Он бросил на стол профессору несколько стодолларовых купюр и вышел. Из окна своего кабинета — профессор видел, как Анхель осторожно усаживает девушку в машину. Господи… неужели и в них есть что-то человеческое.
Она не попалась…
В Ливане, прямо в аэропорту — она взяла билет на ближайший прямой рейс в Европу — до Тираны, Албания. Ждать было всего ничего, посадку объявили почти тотчас. Она присмотрелась — какого-либо усиления режима безопасности не заметила. Стоят красные береты с автоматами — но это тут нормально, эта страна — всего в шаге от новой войны…
В Тиране — она взяла билет на Париж… это была уже Европа, свободное небо, самолеты летали каждый час, а то и чаще. В туалете аэропорта — она сделала себе укол антибиотика, который дала ей израильтянка. На выходе из туалета она столкнулась с сотрудником службы безопасности аэропорта, тот подозрительно посмотрел на нее — вся в поту, шальные глаза — но ничего не сказал. Ему было плевать…
Старенький аэробус — перебросил ее, и еще полторы сотни пассажиров, в основном арабов — в аэропорт Орли-Париж. Там она села на поезд идущий прямиком в Гар де Лион — Лионский вокзал, Париж…
Оказавшись в поезде — она закрыла глаза. Больше всего — ей хотелось бы оказаться в своей уютной мансарде в Латинском квартале Парижа, которую она снимала последние полгода, или там, далеко, на Сьерра-Катедраль, где зелень лесов — обрамляет седые пики гор, где белые домики — стоят на берегу красивейших озер… где теперь ее настоящий дом, где ее не найдет никто и никогда, если она сама того не захочет и где никого не интересует ее прошлое. Принять горячий душ… сначала горячий, немилосердно горячий, потом ледяной, потом опять горячий. Потом разжечь камин и долго, бездумно смотреть на огонь, представляя, как он пожирает все плохое.

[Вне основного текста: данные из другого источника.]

(* There exists a set of $510$ unit vectors in $\mathbb{R}^{10}$ such that the inner product of any two distinct vectors lies in $\{0,\pm\tfrac16,\pm\tfrac14,\pm\tfrac13,\pm\tfrac12,-1\}$. In particular the kissing number in dimension $10$ is at least $510$.
   Context: The kissing number in dimension $d$ is the maximal number of unit vectors in $\mathbb{R}^d$ with pairwise inner products at most $1/2$. *)

From HB Require Import structures.
From mathcomp Require Import all_boot all_order all_algebra.
From mathcomp Require Import reals.
Set Implicit Arguments. Unset Strict Implicit. Unset Printing Implicit Defensive.
Import Order.TTheory GRing.Theory Num.Theory.
Local Open Scope ring_scope.

Definition dotp (R : realType) (n : nat) (u v : 'rV[R]_n) : R :=
  \sum_(k < n) u 0 k * v 0 k.

Definition allowed_ips (R : realType) : seq R :=
  [:: 0; 1/6; -(1/6); 1/4; -(1/4); 1/3; -(1/3); 1/2; -(1/2); -1].

Definition kissing_config (R : realType) (n N : nat) (v : 'I_N -> 'rV[R]_n) : Prop :=
  (forall i, dotp (v i) (v i) = 1) /\
  (forall i j, i != j -> dotp (v i) (v j) <= 1/2).

Definition kissing_number_ge (R : realType) (n N : nat) : Prop :=
  exists v : 'I_N -> 'rV[R]_n, kissing_config v.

Но она не могла себе этого позволить…
* * *
Гар-де-Лион — совсем не походил на родной одесский вокзал. Он скорее походил на здание британского парламента с Биг-Бэном, где она была на экскурсии месяц назад. Она купила за наличные билет на экспресс до Марселя, отправление было через час. В буфете выпила две чашки черного, крепкого кофе, от которого закружилась голова. Надо пойти в туалет, осмотреть рану…
Снова вспомнилась Аргентина… та горная дорога. Она внезапно прерывалась крутой и узкой тропой, по которой почти невозможно было подняться, тем более с рюкзаком. Георгий был уже вверху, а она карабкалась, выбиваясь из сил, тянулась за его рукой — а он убирал ее все дальше и дальше. Совсем выбившись из сил, она рухнула на тропу, и крикнула ему — подонок! А он перестал улыбаться и сказал — ты должна сделать это сама. Обязательно — сама.
И она сделала…
* * *
Взяв еще стаканчик с кофе, она спросила у продавца, есть ли что покрепче. Это было запрещено, но покрепче нашлось — продавец продал из-под полы бутылку виски. Еще она купила женские прокладки — они хорошо впитывают кровь. С этим — она направилась к туалетам.

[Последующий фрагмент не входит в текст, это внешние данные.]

Lemma PXY_le_flat (x y : bvec n) : PXY p r a x y <= PXY p r a (flat x) y.
Proof.
have [<- //|x_nflat] := eqVneq x (flat x).
exact/ltW/PXY_lt_flat.
Qed.

Lemma PX_le_flat (x : bvec n) : PX p r x <= PX p r (flat x).
Proof.
have [<- //|x_nflat] := eqVneq x (flat x).
have r'_gt0 : 0 < 1 - r by bounds.
rewrite -(ler_pM2l r'_gt0); apply: le_trans (PX_nonflat _ x_nflat) _.
by rewrite ler_wpM2r ?PX_ge0 //; bounds.
Qed.

Lemma PXY_le_MAP (x y : bvec n) : PXY p r a x y <= PXY p r a (MAP p r a y) y.
Proof.
apply: le_trans (PXY_le_flat x y) _; rewrite /flat /MAP.
by case: (nth false x 0); case: (leP (PXY p r a (zeros n) y) (PXY p r a (ones n) y))
  => // /ltW.
Qed.

Lemma DeltaE : Delta n p r a = (1 - r) ^+ n.-1 * (p * (1 - a) ^+ n - (1 - p) * a ^+ n).
Proof.
rewrite /Delta /PXY (PX_constv true) (PX_constv false) !PYgX_diag.
by rewrite (PYgX_constvN true); ring.
Qed.

Lemma Delta_gt0 : 0 < Delta n p r a.
Proof.
have T_gt0 : 0 < (1 - r) ^+ n.-1 by rewrite exprn_gt0 //; bounds.
rewrite DeltaE mulr_gt0 // subr_gt0.
have an_lt : a ^+ n < (1 - a) ^+ n.
  by rewrite ltr_pXn2r ?admissible_n_gt0 ?nnegrE //; bounds.
apply: (@le_lt_trans _ _ (p * a ^+ n)).
  by rewrite ler_wpM2r ?exprn_ge0 //; bounds.
by rewrite ltr_pM2l //; bounds.
Qed.

Lemma PXY_constv_sub_le b1 b2 (y : bvec n) :
  PXY p r a (constv b1) y - PXY p r a (constv b2) y <= Delta n p r a.
Proof.
rewrite DeltaE /PXY !PX_constv.
set w1 := (if b1 then p else 1 - p); set w2 := (if b2 then p else 1 - p).
have w1_le : 0 <= w1 <= p by rewrite /w1; case: ifP => _; apply/andP; split; bounds.
have w2_ge : 1 - p <= w2 by rewrite /w2; case: ifP => _; bounds.
have /andP[lo1 hi1] := PYgX_bounds y (constv b1).
have /andP[lo2 hi2] := PYgX_bounds y (constv b2).
have an_ge0 : 0 <= a ^+ n by rewrite exprn_ge0; bounds.
have -> : w1 * (1 - r) ^+ n.-1 * PYgX a y (constv b1) - w2 * (1 - r) ^+ n.-1 * PYgX a y (constv b2)
    = (1 - r) ^+ n.-1 * (w1 * PYgX a y (constv b1) - w2 * PYgX a y (constv b2)) by ring.
apply: ler_wpM2l; first by rewrite exprn_ge0 //; bounds.
case/andP: w1_le => w1_ge0 w1_le; apply: lerB.
  by rewrite ler_pM // (le_trans an_ge0).
by rewrite ler_pM //; bounds.
Qed.

Lemma PXY_ones_lt_zeros : PXY p r a (ones n) (zeros n) < PXY p r a (zeros n) (zeros n).
Proof.
rewrite /PXY (PX_constv true) (PX_constv false) PYgX_diag (PYgX_constvN false).
rewrite (exprn_pred a) (exprn_pred (1 - a)).
have T_gt0 : 0 < (1 - r) ^+ n.-1 by rewrite exprn_gt0; bounds.
have an_le : a ^+ n.-1 <= (1 - a) ^+ n.-1 by apply: lerXn2r; rewrite ?nnegrE; bounds.
have -> : p * (1 - r) ^+ n.-1 * (a * a ^+ n.-1) =
    (1 - r) ^+ n.-1 * a ^+ n.-1 * (a * p) by ring.
have -> : (1 - p) * (1 - r) ^+ n.-1 * ((1 - a) * (1 - a) ^+ n.-1) =
    (1 - r) ^+ n.-1 * (1 - a) ^+ n.-1 * ((1 - a) * (1 - p)) by ring.
apply: (@le_lt_trans _ _ ((1 - r) ^+ n.-1 * (1 - a) ^+ n.-1 * (a * p))).
  by apply: ler_wpM2r; [rewrite mulr_ge0 //; bounds | rewrite ler_wpM2l // ltW].
rewrite ltr_pM2l ?mulr_gt0 ?exprn_gt0 //.
  exact: admissible_zero_MAP H.
all: bounds.
Qed.

Lemma PXY_lt_zeros (x : bvec n) :
  x != zeros n -> PXY p r a x (zeros n) < PXY p r a (zeros n) (zeros n).
Proof.
move=> x_nz; have [x_flat|x_nflat] := eqVneq x (flat x).
  move: x_nz; rewrite x_flat /flat.
  by case: (nth false x 0) => [_|]; [exact: PXY_ones_lt_zeros | rewrite eqxx].
apply: lt_le_trans (PXY_lt_flat _ _ x_nflat) _; rewrite /flat.
by case: (nth false x 0) => //; exact/ltW/PXY_ones_lt_zeros.
Qed.

Lemma Pc_XE : Pc_X n p r = PX p r (ones n).
Proof.
apply: bigmax_at => [|x]; first exact: PX_ge0.
apply: le_trans (PX_le_flat x) _; rewrite /flat PX_constv (PX_constv true).
case: (nth false x 0) => //; apply: ler_wpM2r; first by rewrite exprn_ge0 //; bounds.
by bounds.
Qed.

Lemma Pc_X_lt_Pc_XgY : Pc_X n p r < Pc_XgY n p r a.
Proof.
have -> : Pc_XgY n p r a = \sum_y PXY p r a (MAP p r a y) y :=
  pc_MAP _ _ PXY_ge0 PXY_le_MAP.
have -> : Pc_X n p r = \sum_y PXY p r a (ones n) y.
  by rewrite Pc_XE /PXY -mulr_sumr sum_PYgX mulr1.
rewrite (bigD1 (zeros n)) // [X in _ < X](bigD1 (zeros n)) //.
apply: ltr_leD; first exact: lt_le_trans PXY_ones_lt_zeros (PXY_le_MAP _ _).
by apply: ler_sum => y _; exact: PXY_le_MAP.
Qed.

Lemma Pc_XgY_loss (W : channel R n) : is_channel W ->
  Pc_XgY n p r a - Pc_XgZ n p r a W <= Delta n p r a / a ^+ n * (1 - Pc_YgZ n p r a W).
Proof.
move=> W_ch.
have := pc_garble_loss (PXY p r a) (fun y z => W y z) (MAP p r a) (Delta n p r a / a ^+ n).
rewrite sum_marginal; apply; [exact: PXY_ge0 | exact: W_ch | exact: PXY_le_MAP | move=> y y'].
apply: le_trans (PXY_constv_sub_le _ _ y) _.
have an_gt0 : 0 < a ^+ n by rewrite exprn_gt0 //; bounds.
rewrite mulrAC ler_pdivlMr //.
by apply: ler_wpM2l; [exact/ltW/Delta_gt0 | exact: marginal_ge_pow].
Qed.

Lemma zeta_Delta eps : zeta n p r a eps * Delta n p r a = Pc_XgY n p r a - eps ^+ n.
Proof.
have den : p * ((1 - a) * (1 - r)) ^+ n - (1 - p) * (a * (1 - r)) ^+ n =
    (1 - r) * Delta n p r a by rewrite DeltaE !exprMn (exprn_pred (1 - r)); ring.
have r'_neq0 : 1 - r != 0 by rewrite gt_eqF //; bounds.
have D_neq0 : Delta n p r a != 0 by rewrite gt_eqF // Delta_gt0.
by rewrite /zeta den -mulf_div divff // mul1r divfK.
Qed.

Lemma Pc_YgZ_le (W : channel R n) eps : is_channel W -> Pc_XgZ n p r a W <= eps ^+ n ->
  Pc_YgZ n p r a W <= 1 - zeta n p r a eps * a ^+ n.
Proof.
move=> W_ch W_eps.
have an_gt0 : 0 < a ^+ n by rewrite exprn_gt0 //; bounds.
have K_gt0 : 0 < Delta n p r a / a ^+ n by rewrite divr_gt0 ?Delta_gt0.
suff : zeta n p r a eps * a ^+ n <= 1 - Pc_YgZ n p r a W by lra.
rewrite -(ler_pM2r K_gt0) [X in X <= _](_ : _ = zeta n p r a eps * Delta n p r a).
  rewrite zeta_Delta mulrC; apply: le_trans _ (Pc_XgY_loss _ W_ch).
  exact: lerB (lexx _) W_eps.
by rewrite -mulrA [a ^+ n * _]mulrCA divff ?mulr1 // gt_eqF.
Qed.

Lemma zchan_regime : exists2 g0, 0 < g0 & forall gm, 0 <= gm <= g0 ->
  [/\ is_channel (Zchan n gm),
      Pc_XgZ n p r a (Zchan n gm) = Pc_XgY n p r a - gm * Delta n p r a &
      Pc_YgZ n p r a (Zchan n gm) = 1 - gm * PrY1 n p r a].
Proof.
have [d d_gt0 d_max] := strict_argmax_robust (fun x => PXY p r a x (zeros n))
  (fun x => PXY p r a x (ones n)) (zeros n) PXY_lt_zeros.
pose m := marginal (@PXY R n p r a).
have m_gt0 y : 0 < m y.
  by apply: lt_le_trans (marginal_ge_pow y); rewrite exprn_gt0 //; bounds.
(* [d] keeps [zeros n] the MAP guess of [X] at [z = zeros n], and the last
   bound keeps it the best guess of [Y] there. *)
exists (Num.min 1 (Num.min d (m (zeros n) / m (ones n)))).
  by rewrite !lt_min ltr01 d_gt0 divr_gt0.
move=> gm /andP[gm_ge0]; rewrite !le_min => /and3P[gm_le1 gm_d gm_m].
have gm01 : 0 <= gm <= 1 by rewrite gm_ge0.
have MAP_ones : MAP p r a (ones n) = ones n.
  by rewrite /MAP ltW // -subr_gt0 Delta_gt0.
split.
- by have := zchan_stochastic _ _ _ zeros_neq_ones gm01; rewrite -ZchanE.
- transitivity (pc (garble (PXY p r a) (zchan (zeros n) (ones n) gm))).
    by rewrite -ZchanE.
  rewrite (pc_garble_zchan _ _ _ zeros_neq_ones gm01 _ (zeros n) (ones n)) //.
  + exact: PXY_ge0.
  + move=> x; have [-> //|x_nz] := eqVneq x (zeros n).
    exact/ltW/PXY_lt_zeros.
  + by move=> x; rewrite -[X in _ <= PXY _ _ _ X _]MAP_ones PXY_le_MAP.
  + by move=> x; apply: d_max; rewrite gm_ge0.
- transitivity (pc (fun y z => m y * zchan (zeros n) (ones n) gm y z)).
    by rewrite -ZchanE.
  rewrite (pc_zchan_out _ _ _ zeros_neq_ones gm01) ?sum_marginal // => [y|].
    exact/ltW.
  by rewrite -ler_pdivlMr.
Qed.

Переглянувшись, трое молодых арабов, тусовавшихся тут в поисках жертвы — направились следом…
* * *
Для Абдаллы, подонка с окраин — предстоящее дело было так… даже и не делом вовсе. Обычной прозой жизни, чем-то, о чем не стоит даже и думать. Ограбить, возможно, изнасиловать — это они совершали походя, даже не задумываясь о преступности своих действий. Они искренне считали, что любая белая женщина должна принадлежать им, когда они того захотят — просто потому, что они мусульмане, а эта шлюха — неверная.